In this study, four improvements are proposed: feature fusion layer reconstruction, ETG module, DYDetect, and WIoU loss function. Under the same experimental setup, different ablation experiments were conducted on DAIR-V2X-C to verify the effectiveness of these four improved methods. The results of the ablation experiment are shown in Table 5. Experiment 1 is the original YOLOv7-tiny, while Experiment 2 reconstructs the feature fusion layer based on the original YOLOv7-tiny. Experiment 3 replaces the ELAN-T module with an ETG module based on the previous experiment, Experiment 4 integrates multiple attention modules into the detection head, and Experiment 5 introduces WIoU Loss based on the previous experiment.

Table 5 shows that, compared with the YOLOv7-tiny algorithm model, the PDT-YOLO model that integrates four improved methods outperforms the YOLOv7-tiny algorithm model; mAP50 increased by 4.6%, mAP50:95 increased by 12.8%, and the parameters and weight of the model remain unchanged. Although the detection speed has declined, it still meets the real-time requirements.

PR-Cure is shown in Figure 8. From the figure, it can be seen that compared with the original YOLOv7-tiny, our algorithm effectively improves the detection accuracy of various categories on the DAIR-V2X-C dataset. Especially, van, traffic cone, and pedestrian each improved by 14.5%, 11.9%, and 4.1%, proving that the improved algorithm has better improvement in multi-scale object-detection ability and detection ability for dense small targets.

3.4.2. Comparison Experiments

To evaluate the effectiveness of the network model proposed in this paper, the PDT-YOLO network is compared with mainstream algorithms in the field of object detection, such as SSD, YOLOXs, YOLOv5s, YOLOv7-Tiny, and YOLOv8s. In addition, we also compare it with multi-scale object-detection algorithms [28,29] and occlusion object-detection algorithms [35]. The detection outcomes of the comparative trials are presented in Table 6.

In comparison to SSD, the YOLO series has made substantial enhancements in terms of mAP50, and mAP50:95. Compared with the original YOLOv7-tiny algorithm, our algorithm has improved by 4.6% and 12.8% on mAP50 and mAP50:95, respectively, with little change in weight and parameter counts. Compared to the latest YOLOv8s algorithm, it has improved by 3.3% and 0.7% on mAP50 and mAP50:95, respectively, reduced parameter counts by 45%, and reduced model weight by 43.6%. Compared with the multi-scale object-detection [28,29] and occlusion object-detection [35] algorithms, algorithms with more complex network models, the proposed network using the lightweight network as the base model, also showed certain advantages in detection accuracy, weight, and parameter counts.

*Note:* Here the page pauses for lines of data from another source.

(* max over M (0 if M is empty; all growth indicators are >= 0) *)
Definition maxM (R : realType) (f : St * St -> R) : R :=
  \big[Num.max/0]_(mu : St * St | `[< inM mu >]) f mu.

End Construction.

Arguments wbar : clear implicits.
Arguments growth : clear implicits.
Arguments Hk : clear implicits.
Arguments Bmu : clear implicits.
Arguments Rmu : clear implicits.
Arguments maxM : clear implicits.

(* The automaton reads the outer arm [w] of a hairpin [w b wbar w]: it stays at level 0
   up to the first position where the hairpin witnesses membership in [Hk], then reads
   exactly kappa more letters; the rest of the hairpin is a word [b] of the bridge language
   of the final state.  Hence [Hk] is the finite union over [mu] of the hairpins built from
   [R_mu] and [B_mu], and counting hairpins of length [N = 2n + k] gives
     |R_mu ∩ Σ^n| |B_mu ∩ Σ^k| <= |Hk ∩ Σ^(2n+k)|
                               <= Σ_mu Σ_(2n+k=N) |R_mu ∩ Σ^n| |B_mu ∩ Σ^k|.
   Fixing a word in one factor, the left inequality bounds [lambda_B] and [sqrt lambda_R]
   by [eta] (when [R_mu] is empty, another [mu] with the same final state is used).  The
   right one gives [|Hk ∩ Σ^N| = O(N s^N)] for every [s > max(sigma, sqrt rho)]. *)

From Pilot Require Import Defs.
From HB Require Import structures.
From mathcomp Require Import all_boot all_order all_algebra.
From mathcomp Require Import boolp classical_sets reals.
From mathcomp Require Import zify lra.
Import Order.TTheory GRing.Theory Num.Theory.

Set Implicit Arguments. Unset Strict Implicit. Unset Printing Implicit Defensive.
Local Open Scope ring_scope.
Local Open Scope classical_set_scope.

Section LinearVsExponential.
Variable R : realFieldType.
Implicit Types s t x : R.

Lemma bernoulli_ineq x n : 0 <= x -> 1 + n%:R * x <= (1 + x) ^+ n.
Proof.
move=> x0; elim: n => [|n IH]; first by rewrite mul0r addr0 expr0.
rewrite exprS -natr1; have n0 : 0 <= (n%:R : R) := ler0n _ _.
have IHx : (1 + x) * (1 + n%:R * x) <= (1 + x) * (1 + x) ^+ n.
  by rewrite ler_wpM2l // addr_ge0.
have nxx : 0 <= n%:R * (x * x) by rewrite !mulr_ge0.
nra.
Qed.

Lemma linear_mul_exp_le s t : 0 < s -> s < t ->
  exists2 E, 0 < E & forall N : nat, N.+1%:R * s ^+ N <= E * t ^+ N.
Proof.
move=> s0 st; pose e := t / s - 1.
have e0 : 0 < e by rewrite subr_gt0 ltr_pdivlMr // mul1r.
pose f := Num.min 1 e.
have f0 : 0 < f by rewrite lt_min ltr01 e0.
exists f^-1; first by rewrite invr_gt0.
move=> N; rewrite ler_pdivlMl // mulrA.
have -> : t = (1 + e) * s by rewrite addrC subrK divfK ?gt_eqF.
rewrite exprMn ler_wpM2r ?exprn_ge0 ?(ltW s0) //.
apply: le_trans (bernoulli_ineq N (ltW e0)); rewrite mulrC.
have n0 : 0 <= (N%:R : R) := ler0n _ _.
have : N%:R * f <= N%:R * e by rewrite ler_wpM2l // ge_min lexx orbT.
have : f <= 1 by rewrite ge_min lexx.
rewrite -natr1; lra.
Qed.

End LinearVsExponential.

Lemma sqrtr_le_sqr (R : rcfType) (x y : R) :
  0 <= y -> (Num.sqrt x <= y) = (x <= y ^+ 2).
Proof. by move=> y0; rewrite -ler_sqrt ?exprn_ge0 // sqrtr_sqr ger0_norm. Qed.

Section Growth.
Variables (R : realType) (S : finType).
Implicit Types (L H : set (seq S)) (c l s t : R).

Let bounds L : set R := [set l | 0 <= l /\
  exists c, 0 < c /\ forall m, (ncount L m)%:R <= c * l ^+ m].

Lemma ncount_le_exp L m : (ncount L m <= #|S| ^ m)%N.
Proof. by rewrite /ncount -card_tuple; exact: max_card. Qed.

Lemma ncount_subset L H m : L `<=` H -> (ncount L m <= ncount H m)%N.
Proof.
move=> LH; apply/subset_leq_card/fintype.subsetP => w /=.
by rewrite !inE; exact: LH.
Qed.

Let bounds_neq0 L : bounds L !=set0.
Proof.
exists #|S|%:R; split=> //; exists 1; split=> // m.
by rewrite mul1r -natrX ler_nat ncount_le_exp.
Qed.

Let bounds_ge0 L : lbound (bounds L) 0.
Proof. by move=> l []. Qed.

Lemma growth_ge0 L : 0 <= growth S R L.
Proof. exact: lb_le_inf (bounds_neq0 L) (@bounds_ge0 L). Qed.

Lemma growth_le L l c : 0 <= l -> 0 <= c ->
  (forall m, (ncount L m)%:R <= c * l ^+ m) -> growth S R L <= l.
Proof.
move=> l0 c0 Lc; apply: (ge_inf (E := bounds L)); first by exists 0.
split=> //; exists (c + 1); split=> [|m]; first by rewrite ltr_wpDl.
by apply: le_trans (Lc m) _; rewrite ler_wpM2r ?exprn_ge0 // lerDl.
Qed.

Lemma growth_lt_bound L t : growth S R L < t ->
  exists2 c, 0 < c & forall m, (ncount L m)%:R <= c * t ^+ m.
Proof.
move=> /(inf_lt (bounds_neq0 L)) [l [l0 [c [c0 Lc]]] lt].
exists c => // m; apply: le_trans (Lc m) _; rewrite ler_pM2l //.
apply: lerXn2r; rewrite ?nnegrE //; [exact: le_trans l0 (ltW lt) | exact: ltW].
Qed.

Lemma growth_lt_uniform (I : finType) (P : set I) (L_ : I -> set (seq S)) t :
  (forall i, P i -> growth S R (L_ i) < t) ->
  exists2 c, 0 < c & forall i, P i -> forall m, (ncount (L_ i) m)%:R <= c * t ^+ m.
Proof.
move=> Lt.
have /choice [c_ Hc] : forall i, exists c, 0 < c /\
    (P i -> forall m, (ncount (L_ i) m)%:R <= c * t ^+ m).
  move=> i; have [Pi|] := pselect (P i); last by exists 1.
  by have [c c0 Lc] := growth_lt_bound (Lt i Pi); exists c.
have c_ge0 i : 0 <= c_ i by have [/ltW] := Hc i.
have t0 i : P i -> 0 <= t.
  by move=> Pi; apply: le_trans (ltW (Lt i Pi)); exact: growth_ge0.
exists (1 + \sum_i c_ i) => [|i Pi m]; first by rewrite ltr_wpDr // sumr_ge0.
apply: le_trans (proj2 (Hc i) Pi m) _; rewrite ler_wpM2r ?exprn_ge0 ?(t0 i Pi) //.
by apply: ler_wpDl => //; rewrite (bigD1 i) //= lerDl sumr_ge0.
Qed.

Lemma growth_le_linear_exp L c s : 0 <= c -> 0 < s ->
  (forall N, (ncount L N)%:R <= c * (N.+1%:R * s ^+ N)) -> growth S R L <= s.
Proof.
move=> c0 s0 Lc; apply/ler_addgt0Pr => e e0.
have [E E0 HE] : exists2 E, 0 < E & forall N : nat, N.+1%:R * s ^+ N <= E * (s + e) ^+ N.
  by apply: linear_mul_exp_le; rewrite // ltrDl.
apply: (growth_le (c := c * E)) => [||N].
- by rewrite addr_ge0 // ltW.
- by rewrite mulr_ge0 // ltW.
- by rewrite -mulrA; apply: le_trans (Lc N) _; rewrite ler_wpM2l.
Qed.

Lemma growth_le_pow_shift L H p k t :
  (forall m, ncount L m <= ncount H (p * m + k))%N ->
  growth S R H < t -> growth S R L <= t ^+ p.
Proof.
move=> LH /[dup] Ht /growth_lt_bound [c c0 Hc].
have t0 : 0 <= t by apply: le_trans (ltW Ht); exact: growth_ge0.
apply: (growth_le (c := c * t ^+ k)) => [||m]; first exact: exprn_ge0.
  by rewrite mulr_ge0 ?exprn_ge0 // ltW.
rewrite -exprM -mulrA -exprD addnC; apply: le_trans (Hc _).
by rewrite ler_nat LH.
Qed.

From the experimental results, it can be seen that the improved network not only improves the detection accuracy of the model but also reduces the number of parameters and the weight of the model, making it well-suited for complex roadside target detection tasks under resource-limited conditions.

Figure 9 shows the visualization results of the benchmark algorithm and our algorithm. The objects depicted in the roadside photos exhibit different scales and types, and even objects of the same type have significant differences in scale. For the convenience of comparison, we will mark the key areas with yellow boxes and enlarge them. The red solid line indicates false detection, the red dashed line indicates missed detection and the green line indicates correct detection. Compared horizontally, YOLOv7-tiny has many false positives and missed detections. In the first row of images, it can be seen that under normal conditions, the proposed method accurately detected multi-scale objects, while YOLOv7-tiny shows that small and distant targets such as cyclists and infrastructure are mistakenly detected as pedestrians, while large nearby targets such as the car is identified as a bus. YOLOv7-tiny misses the detection of the car that is obstructed by a truck in the second row of the image. In the third row of the image with random noise, when the decrease in image clarity leads to increasing difficulty in detecting, YOLOv7-tiny misses the detection of the cyclist, while PDT-YOLO accurately detects all the objects in the image. In the fourth row of the image’s random grayscale, when the image is disturbed by illumination changes, YOLOv7-tiny misses the detection of pedestrians, while PDT-YOLO accurately detects all the objects in the image. In contrast, the algorithm proposed in this article has better detection performance compared to the original benchmark algorithm in complex traffic scenes such as multi-scale targets and occluded targets.

3.4.3. Generalization Experiments

In order to further verify the stability and generalization of the improved algorithm in this paper, the algorithm studied in this paper will be re-validated with the other three algorithms in the IVODC dataset.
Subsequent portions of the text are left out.